[Source data]
Lemma schur_delta_gt0 (j : 'I_n) : E *m (delta_mx 0 j : 'rV[R]_n)^T = 0 ->
  0 < ((delta_mx 0 j : 'rV[R]_n) *m schur *m (delta_mx 0 j : 'rV[R]_n)^T) 0 0.
Proof.
move=> Ej0; set e := delta_mx 0 j.
(* [v] is [e] minus its S-orthogonal projection on the row space of [E] *)
pose v := e - e *m S *m E^T *m invmx G *m E.
have vSE0 : v *m S *m E^T = 0.
  rewrite !mulmxBl.
  have -> : e *m S *m E^T *m invmx G *m E *m S *m E^T = e *m S *m E^T *m (invmx G *m G).
    by rewrite /G !mulmxA.
  by rewrite mulVmx // mulmx1 subrr.
have vSv : v *m S *m v^T = e *m schur *m e^T.
  rewrite {2}/v raddfB /= mulmxBr.
  have -> : v *m S *m (e *m S *m E^T *m invmx G *m E)^T
          = v *m S *m E^T *m (e *m S *m E^T *m invmx G)^T.
    by rewrite trmx_mul mulmxA.
  rewrite vSE0 mul0mx subr0 /v /schur !mulmxBl mulmxBr.
  by rewrite mulmxBl !mulmxA.
have v_neq0 : v != 0.
  apply: contraTneq isT => v0.
  have : v *m e^T = e *m e^T by rewrite /v mulmxBl -(mulmxA _ E) Ej0 mulmx0 subr0.
  rewrite v0 mul0mx /e trmx_delta mul_delta_mx => /matrixP /(_ 0 0).
  by rewrite !mxE /= => /eqP; rewrite eq_sym oner_eq0.
by have := S_posdef v_neq0; rewrite vSv.
Qed.

Lemma schur_row_space (u : 'rV[R]_n) : u *m E^T *m E = u ->
  u *m schur = 0 /\ schur *m u^T = 0.
Proof.
move=> uE; split; first by rewrite -uE -mulmxA mulmx_schur mulmx0.
by rewrite -uE trmx_mul mulmxA schur_mulmx_tr mul0mx.
Qed.

Lemma schur_form_rank_one (c : R) (e u : 'rV[R]_n) : u *m E^T *m E = u ->
  ((c *: e + u) *m schur *m e^T) 0 0 = c * (e *m schur *m e^T) 0 0 /\
  ((c *: e + u) *m schur *m (c *: e + u)^T) 0 0
    = c ^+ 2 * (e *m schur *m e^T) 0 0.
Proof.
move=> /schur_row_space [uM Mu].
have eM : (c *: e + u) *m schur = c *: (e *m schur) by rewrite mulmxDl uM addr0 scalemxAl.
split; first by rewrite eM -scalemxAl mxE.
have eMu : e *m schur *m u^T = 0 by rewrite -mulmxA Mu mulmx0.
rewrite eM [(_ + _)^T]raddfD /= mulmxDr -!scalemxAl eMu scaler0 addr0 linearZ /= -scalemxAr.
by rewrite !mxE mulrA expr2.
Qed.

End SchurComplement.

Section Selection.
Variables (R : comNzRingType) (p : nat) (A : {set 'I_p}).

Definition selmx : 'M[R]_(#|A|, p) := \matrix_(i, m) (enum_val i == m)%:R.

Lemma mul_selmx c (B : 'M[R]_(p, c)) i m : (selmx *m B) i m = B (enum_val i) m.
Proof.
rewrite mxE (bigD1 (enum_val i)) //= mxE eqxx mul1r big1 ?addr0 // => m' m'_neq.
by rewrite mxE eq_sym (negbTE m'_neq) mul0r.
Qed.

Lemma mul_tr_selmx c (B : 'M[R]_(c, p)) i m : (B *m selmx^T) i m = B i (enum_val m).
Proof. by rewrite -[B *m _]trmxK trmx_mul trmxK mxE mul_selmx mxE. Qed.

Lemma selmx_orth : selmx *m selmx^T = 1%:M.
Proof. by apply/matrixP => i i'; rewrite mul_selmx !mxE (inj_eq enum_val_inj) eq_sym. Qed.

Lemma selmx_delta j : j \notin A -> selmx *m (delta_mx 0 j : 'rV[R]_p)^T = 0.
Proof.
move=> jA; apply/matrixP => i z; rewrite mul_selmx !mxE.
have -> : (enum_val i == j) = false by apply: contraNF jA => /eqP <-; exact: enum_valP.
by rewrite andbF.
Qed.

Lemma selmx_support (u : 'rV[R]_p) : (forall m, m \notin A -> u 0 m = 0) ->
  u *m selmx^T *m selmx = u.
Proof.
move=> u_supp; apply/rowP => m; rewrite mxE.
under eq_bigr => i _ do rewrite mul_tr_selmx mxE.
rewrite -(big_enum_val (fun x => u 0 x * (x == m)%:R)) /=.
have [mA | mA] := boolP (m \in A).
  rewrite (bigD1 m) //= eqxx mulr1 big1 ?addr0 // => x /andP[_ /negbTE ->].
  by rewrite mulr0.
rewrite u_supp // big1 // => x xA.
have -> : (x == m) = false by apply: contraNF mA => /eqP <-.
by rewrite mulr0.
Qed.

End Selection.

Section PartialCovariance.
Context {d : measure_display} {T : measurableType d} {R : realType}
  (P : probability T R).
Variables (p : nat) (X : 'I_p -> T -> R) (A : {set 'I_p}).

Lemma covmx_subfam :
  covmx P (subfam X (S := A)) = selmx R A *m covmx P X *m (selmx R A)^T.
Proof. by apply/matrixP => a c; rewrite mul_tr_selmx mul_selmx !mxE. Qed.

Lemma covrow_subfam (U : T -> R) :
  covrow P U (subfam X (S := A)) = covrow P U X *m (selmx R A)^T.
Proof. by apply/rowP => a; rewrite mul_tr_selmx !mxE. Qed.

Lemma pcov_subfam (U V : T -> R) (x y : 'rV[R]_p) :
  covrow P U X = x *m covmx P X -> covrow P V X = y *m covmx P X ->
  pcov P U V (subfam X (S := A)) = cov P U V - (x *m covmx P X *m y^T) 0 0
                            + (x *m schur (covmx P X) (selmx R A) *m y^T) 0 0.
Proof.
move=> Ux Vy; rewrite /pcov covmx_subfam !covrow_subfam Ux Vy.
rewrite -(schur_form _ (covmx_sym P X)); lra.
Qed.

Lemma pcor_eq0 (k : nat) (U V : T -> R) (W : 'I_k -> T -> R) :
  0 < pcov P U U W -> 0 < pcov P V V W -> (pcor P U V W == 0) = (pcov P U V W == 0).
Proof.
move=> UU_gt0 VV_gt0; rewrite /pcor mulf_eq0 invr_eq0 orb_idr // => /eqP sqrt0.
by move: (mulr_gt0 UU_gt0 VV_gt0); rewrite -sqrtr_gt0 sqrt0 ltxx.
Qed.

End PartialCovariance.

Section LinearModel.
Context {d : measure_display} {T : measurableType d} {R : realType}
  (P : probability T R).
Variables (p : nat) (X : 'I_p -> T -> R) (eps : T -> R) (delta : R)
  (beta : 'I_p -> R).
Hypotheses (X_L2 : forall j, X j \in Lfun P 2%:E) (eps_L2 : eps \in Lfun P 2%:E)
  (X_eps_uncor : forall j, covariance P (X j) eps = 0%E).

Let Y := fun w => delta + \sum_(j < p) beta j * X j w + eps w.
Let b : 'rV[R]_p := \row_i beta i.

Let betaX_L2 i : beta i \o* X i \in Lfun P 2%:E. Proof. by apply: Lfun_scale; rewrite ?ler1n. Qed.
Let cst_L2 : cst delta \in Lfun P 2%:E. Proof. exact: Lfun_cst. Qed.
Local Hint Resolve betaX_L2 cst_L2 : core.

Let Y_sum : Y = cst delta \+ \sum_(i < p) (beta i \o* X i) \+ eps.
Proof.
apply/funext => w; rewrite /Y /= fct_sumE.
by congr (_ + _ + _); apply: eq_bigr => i _; rewrite /= mulrC.
Qed.

Lemma linear_model_L2 : Y \in Lfun P 2%:E.
Proof. by rewrite Y_sum !rpredD // rpred_sum. Qed.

• **TASK DESCRIPTION**
Only the lines with "rowP" are needed; find them in the records and copy each one.

• **RESPONSE**
move=> u_supp; apply/rowP => m; rewrite mxE.
Proof. by apply/rowP => a; rewrite mul_tr_selmx !mxE. Qed.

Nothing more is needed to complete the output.